Why is this?Why such a huge difference between platforms?What can you do about it?

For long-running application servers and applications with their own long and heavy initialization sequence, these 5 seconds may not matter.

However, there are plenty of applications where this initial 5sec "hang" matters and may become frustrating...

解决方案

Explanation

Reason for this is default SecureRandom provider.

On Windows, there are 2 SecureRandom providers available:

- provider=SUN, type=SecureRandom, algorithm=SHA1PRNG
- provider=SunMSCAPI, type=SecureRandom, algorithm=Windows-PRNG

On Linux (tested in Alpine docker with Oracle JDK 8u162):

- provider=SUN, type=SecureRandom, algorithm=NativePRNG
- provider=SUN, type=SecureRandom, algorithm=SHA1PRNG
- provider=SUN, type=SecureRandom, algorithm=NativePRNGBlocking
- provider=SUN, type=SecureRandom, algorithm=NativePRNGNonBlocking

These are specified in jre/lib/security/java.security file.

security.provider.1=sun.security.provider.Sun
...
security.provider.10=sun.security.mscapi.SunMSCAPI

By default, first SecureRandom provider is used. On Windows, the default one is sun.security.provider.Sun, and this implementation reports following when JVM is run with -Djava.security.debug="provider,engine=SecureRandom":

Provider: SecureRandom.SHA1PRNG algorithm from: SUN
provider: Failed to use operating system seed generator: java.io.IOException: Required native CryptoAPI features not  available on this machine
provider: Using default threaded seed generator

And the default threaded seed generator is very slow.

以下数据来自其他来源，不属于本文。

Lemma thr_optimal m v : (m <= n)%N ->
  (forall i, (0 < i <= m)%N -> dC m v i < 0) -> (forall i, (m < i <= n)%N -> 0 <= dC m v i) ->
  charge_optimal n lam mu h alpha v (thr m).
Proof.
move=> mn below above; split=> [|u Pu i Hi]; first exact: policy_Sactive.
rewrite -subr_ge0; move: i Hi; apply: (resop_ge0 Pu) => k Hk; rewrite resop_charge_gap //.
case: (ltnP k m) => [km|mk].
  rewrite adm_thr_lt //; have := adm_le_lam Pu Hk; have := below k.+1 (ltac:(lia)); nra.
rewrite adm_thr_ge ?mk // subr0.
case: (ltnP k n) => [kn|nk]; last by rewrite (_ : k = n) ?adm_n ?mul0r //; lia.
by apply: mulr_ge0; [exact: adm_ge0 | apply: above; lia].
Qed.

Lemma nu_threshold v : exists2 m, (m <= n)%N &
  (forall j, (j < n)%N -> (v <= nu j) = (m <= j)%N) /\ ((0 < m)%N -> nu m.-1 < v).
Proof.
have [|m first_m min_m] := ex_minnP (P := fun j => (n <= j)%N || (v <= nu j)).
  by exists n; rewrite leqnn.
have mn : (m <= n)%N by apply: min_m; rewrite leqnn.
exists m => //; split=> [j jn|m_gt0].
  apply/idP/idP => [v_le|mj]; first by apply: min_m; rewrite v_le orbT.
  move: first_m; rewrite leqNgt (leq_ltn_trans mj jn) /= => v_le.
  exact: le_trans v_le (nu_mono mj jn).
rewrite ltNge; apply/negP => v_le.
by have := min_m m.-1; rewrite v_le orbT => /(_ isT); lia.
Qed.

You need to use SunMSCAPI provider.

Solution 1: Configuration

Reorder providers in configuration:

Edit jre/lib/security/java.security:

security.provider.1=sun.security.mscapi.SunMSCAPI
...
security.provider.10=sun.security.provider.Sun

I am not aware this can be done via system properties.

Or maybe yes, using-Djava.security.properties (untested, see this)

Solution 2: Programmatic

Reorder providers programmatically:

Optional.ofNullable(Security.getProvider("SunMSCAPI")).ifPresent(p->{
    Security.removeProvider(p.getName());
    Security.insertProviderAt(p, 1);
});

JVM now reports following (-Djava.security.debug="provider,engine=SecureRandom"):

Provider: SecureRandom.Windows-PRNG algorithm from: SunMSCAPI

Solution 3: Programmatic v2

Inspired by this idea, following piece of code inserts only a single SecureRandom service, configured dynamically from existing SunMSCAPI provider without the explicit reliance on sun.* classes. This also avoids the potential risks associated with indiscriminate prioritization of all services of SunMSCAPI provider.

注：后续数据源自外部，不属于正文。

(* Let $k>5$ and suppose the canonical system $\mathcal D$ of all splits of $(R^1,R^2)$ has a maximally-connected coupling $r=(r_{ij})$. Then for every $m$ with $2<m\le k/2$ and every $W=\{i_1,\dots,i_m\}\subset\{1,\dots,k\}$, the probability that the corresponding $m$-split equals $1$ in both bunches is determined by the 1-splits and 2-splits, namely $$\min\Big(\sum_{j=1}^m p_{i_j},\sum_{j=1}^m q_{i_j}\Big)=\sum_{j=1}^{m}\min(p_{i_j},q_{i_j})+\sum_{j=1}^{m-1}\sum_{j'=j+1}^{m}\Big[\min(p_{i_j}+p_{i_{j'}},q_{i_j}+q_{i_{j'}})-\min(p_{i_j},q_{i_j})-\min(p_{i_{j'}},q_{i_{j'}})\Big].$$
   Context: Let $R^1,R^2$ be two stochastically unrelated random variables with values in $\{1,\dots,k\}$, $\Pr[R^1=i]=p_i$, $\Pr[R^2=i]=q_i$, where $p_i,q_i\ge0$ and $\sum_i p_i=\sum_i q_i=1$. For $W\subseteq\{1,\dots,k\}$ write $p(W)=\sum_{i\in W}p_i$, $q(W)=\sum_{i\in W}q_i$. For every nonempty proper subset $W$ (with $W$ and its complement identified), the split $D^c_W$ ($c=1,2$) equals $1$ iff $R^c\in W$; it is called an $m$-split if $|W|=m$. The canonical system $\mathcal D$ consists of all splits of $R^1$ (one bunch) and of $R^2$ (another bunch). A coupling of $\mathcal D$ amounts to a $k\times k$ matrix $r=(r_{ij})$ of nonnegative reals with row sums $p_i$ and column sums $q_j$. It is maximally connected if for every $W$ the pair of splits under $r$ is a maximal coupling of $D^1_W,D^2_W$, equivalently $\sum_{i,j\in W} r_{ij}=\min(p(W),q(W))$ for every nonempty proper $W$. *)

From HB Require Import structures.
From mathcomp Require Import all_boot all_order all_algebra.
Set Implicit Arguments. Unset Strict Implicit. Unset Printing Implicit Defensive.
Import Order.TTheory GRing.Theory Num.Theory.
Local Open Scope ring_scope.

Definition is_distr (R : realFieldType) (k : nat) (p : 'I_k -> R) : Prop :=
  (forall i, 0 <= p i) /\ \sum_(i < k) p i = 1.

Definition mass (R : realFieldType) (k : nat) (p : 'I_k -> R) (W : {set 'I_k}) : R :=
  \sum_(i in W) p i.

Definition is_coupling (R : realFieldType) (k : nat) (p q : 'I_k -> R)
    (r : 'M[R]_k) : Prop :=
  (forall i j, 0 <= r i j) /\
  (forall i, \sum_(j < k) r i j = p i) /\
  (forall j, \sum_(i < k) r i j = q j).

(* Maximally connected: for every nonempty proper W, the pair of splits
   D^1_W, D^2_W is maximally coupled, i.e. sum_{i,j in W} r_ij = min(p(W),q(W)). *)
Definition maximally_connected (R : realFieldType) (k : nat) (p q : 'I_k -> R)
    (r : 'M[R]_k) : Prop :=
  is_coupling p q r /\
  forall W : {set 'I_k}, W != set0 -> W != setT ->
    \sum_(i in W) \sum_(j in W) r i j = Num.min (mass p W) (mass q W).

From HB Require Import structures.
From mathcomp Require Import all_boot all_order all_algebra.
From mathcomp Require Import ring.
Set Implicit Arguments. Unset Strict Implicit. Unset Printing Implicit Defensive.
Import Order.TTheory GRing.Theory Num.Theory.
Local Open Scope ring_scope.

(* The mass of W on both bunches is the sum of the entries r_ij with i, j in W.
   The diagonal entries r_ii are fixed by the 1-splits, and each symmetric pair
   r_ij + r_ji (i < j) by the 2-split {i, j} once the diagonal is subtracted;
   splitting the double sum over W into its diagonal and the pairs i < j gives
   the formula. *)

Lemma pair_sum_diag_offdiag (V : nmodType) (k : nat) (F : 'I_k -> 'I_k -> V)
    (W : {set 'I_k}) :
  \sum_(i in W) \sum_(j in W) F i j =
    \sum_(i in W) F i i + \sum_(i in W) \sum_(j in W | (i < j)%N) (F i j + F j i).
Proof.
have row_split i : i \in W -> \sum_(j in W) F i j =
    F i i + \sum_(j in W | (i < j)%N) F i j + \sum_(j in W | (j < i)%N) F i j.
  move=> iW; rewrite (bigD1 i) //= (bigID (fun j : 'I_k => (i < j)%N)) /= addrA.
  congr (_ + _ + _); apply: eq_bigl => j; rewrite -!andbA; congr (_ && _);
    by rewrite -(inj_eq val_inj) /=; case: ltngtP.
rewrite (eq_bigr _ row_split) !big_split /= -addrA; congr (_ + _).
under [in RHS]eq_bigr do rewrite big_split /=.
rewrite big_split /=; congr (_ + _).
rewrite (exchange_big_dep (fun j : 'I_k => j \in W)) /=; last by move=> ? ? ? /andP[].
by apply: eq_bigr => j jW; apply: eq_bigl => i; rewrite jW.
Qed.

Section MaximallyConnected.

Variables (R : realFieldType) (k : nat) (p q : 'I_k -> R) (r : 'M[R]_k).
Hypothesis r_maxconn : maximally_connected p q r.

Lemma maxconn_mass (W : {set 'I_k}) : (0 < #|W| < k)%N ->
  \sum_(i in W) \sum_(j in W) r i j = Num.min (mass p W) (mass q W).
Proof.
case/andP=> W_gt0 W_ltk; apply: r_maxconn.2; first by rewrite -card_gt0.
by apply: contraTneq W_ltk => ->; rewrite cardsT card_ord ltnn.
Qed.

Lemma maxconn_diag (i : 'I_k) : (1 < k)%N -> r i i = Num.min (p i) (q i).
Proof.
move=> k_gt1; have := maxconn_mass (W := [set i]).
by rewrite cards1 k_gt1 /mass !big_set1; apply.
Qed.

Lemma maxconn_pair (i j : 'I_k) : (2 < k)%N -> i != j ->
  r i j + r j i =
    Num.min (p i + p j) (q i + q j) - Num.min (p i) (q i) - Num.min (p j) (q j).
Proof.
move=> k_gt2 ij; have k_gt1 : (1 < k)%N by apply: ltnW.
have i_notin : i \notin [set j] by rewrite in_set1.
have := maxconn_mass (W := i |: [set j]).
rewrite cardsU1 i_notin cards1 k_gt2 => /(_ isT).
rewrite /mass !big_setU1 //= !big_set1 big_setU1 //= big_set1 => <-.
rewrite -(maxconn_diag i k_gt1) -(maxconn_diag j k_gt1).
ring.
Qed.

End MaximallyConnected.

Theorem theorem4 (R : realFieldType) (k : nat) (p q : 'I_k -> R) :
  (5 < k)%N ->
  is_distr p -> is_distr q ->
  (exists r : 'M[R]_k, maximally_connected p q r) ->
  forall W : {set 'I_k}, (2 < #|W|)%N -> (#|W|.*2 <= k)%N ->
    Num.min (mass p W) (mass q W) =
      \sum_(i in W) Num.min (p i) (q i)
    + \sum_(i in W) \sum_(j in W | (i < j)%N)
        (Num.min (p i + p j) (q i + q j) - Num.min (p i) (q i)
           - Num.min (p j) (q j)).
Proof.
move=> k_gt5 _ _ [r r_maxconn] W W_gt2 W_half.
have k_gt2 : (2 < k)%N by apply: ltn_trans k_gt5.
have k_gt1 : (1 < k)%N by apply: ltnW.
have W_bounds : (0 < #|W| < k)%N.
  rewrite (ltn_trans _ W_gt2) //=; apply: leq_trans W_half.
  by rewrite -addnn -addn1 leq_add2l (ltn_trans _ W_gt2).
rewrite -(maxconn_mass r_maxconn W_bounds).
rewrite pair_sum_diag_offdiag; congr (_ + _).
  by apply: eq_bigr => i _; rewrite (maxconn_diag r_maxconn).
apply: eq_bigr => i _; apply: eq_bigr => j /andP[_ ij].
by rewrite (maxconn_pair r_maxconn) // -(inj_eq val_inj) /= neq_ltn ij.
Qed.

public interface WindowsPRNG {

    static void init() {
        String provider = "SunMSCAPI"; // original provider
        String type = "SecureRandom"; // service type
        String alg = "Windows-PRNG"; // algorithm
        String name = String.format("%s.%s", provider, type); // our provider name
        if (Security.getProvider(name) != null) return; // already registered
        Optional.ofNullable(Security.getProvider(provider)) // only on Windows
                .ifPresent(p-> Optional.ofNullable(p.getService(type, alg)) // should exist but who knows?
                        .ifPresent(svc-> Security.insertProviderAt( // insert our provider with single SecureRandom service
                                new Provider(name, p.getVersion(), null) {{ //NOSONAR
                                    setProperty(String.format("%s.%s", type, alg), svc.getClassName());
                                }}, 1)));
    }

}

Performance

<140 msec (instead of 5000+ msec)

Details

There is a call to new SecureRandom() somewhere down the call stack when you use URL.openConnection("https://...")

It calls getPrngAlgorithm() (see SecureRandom:880)

And this returns first SecureRandom provider it finds.

For testing purposes, call to URL.openConnection() can be replaced with this:

new SecureRandom().generateSeed(20);

Disclaimer

I am not aware of any negative side effects caused by providers reordering. However, there may be some, especially considering default provider selection algorithm.

Anyway, at least in theory, from functional point of view this should be transparent to application.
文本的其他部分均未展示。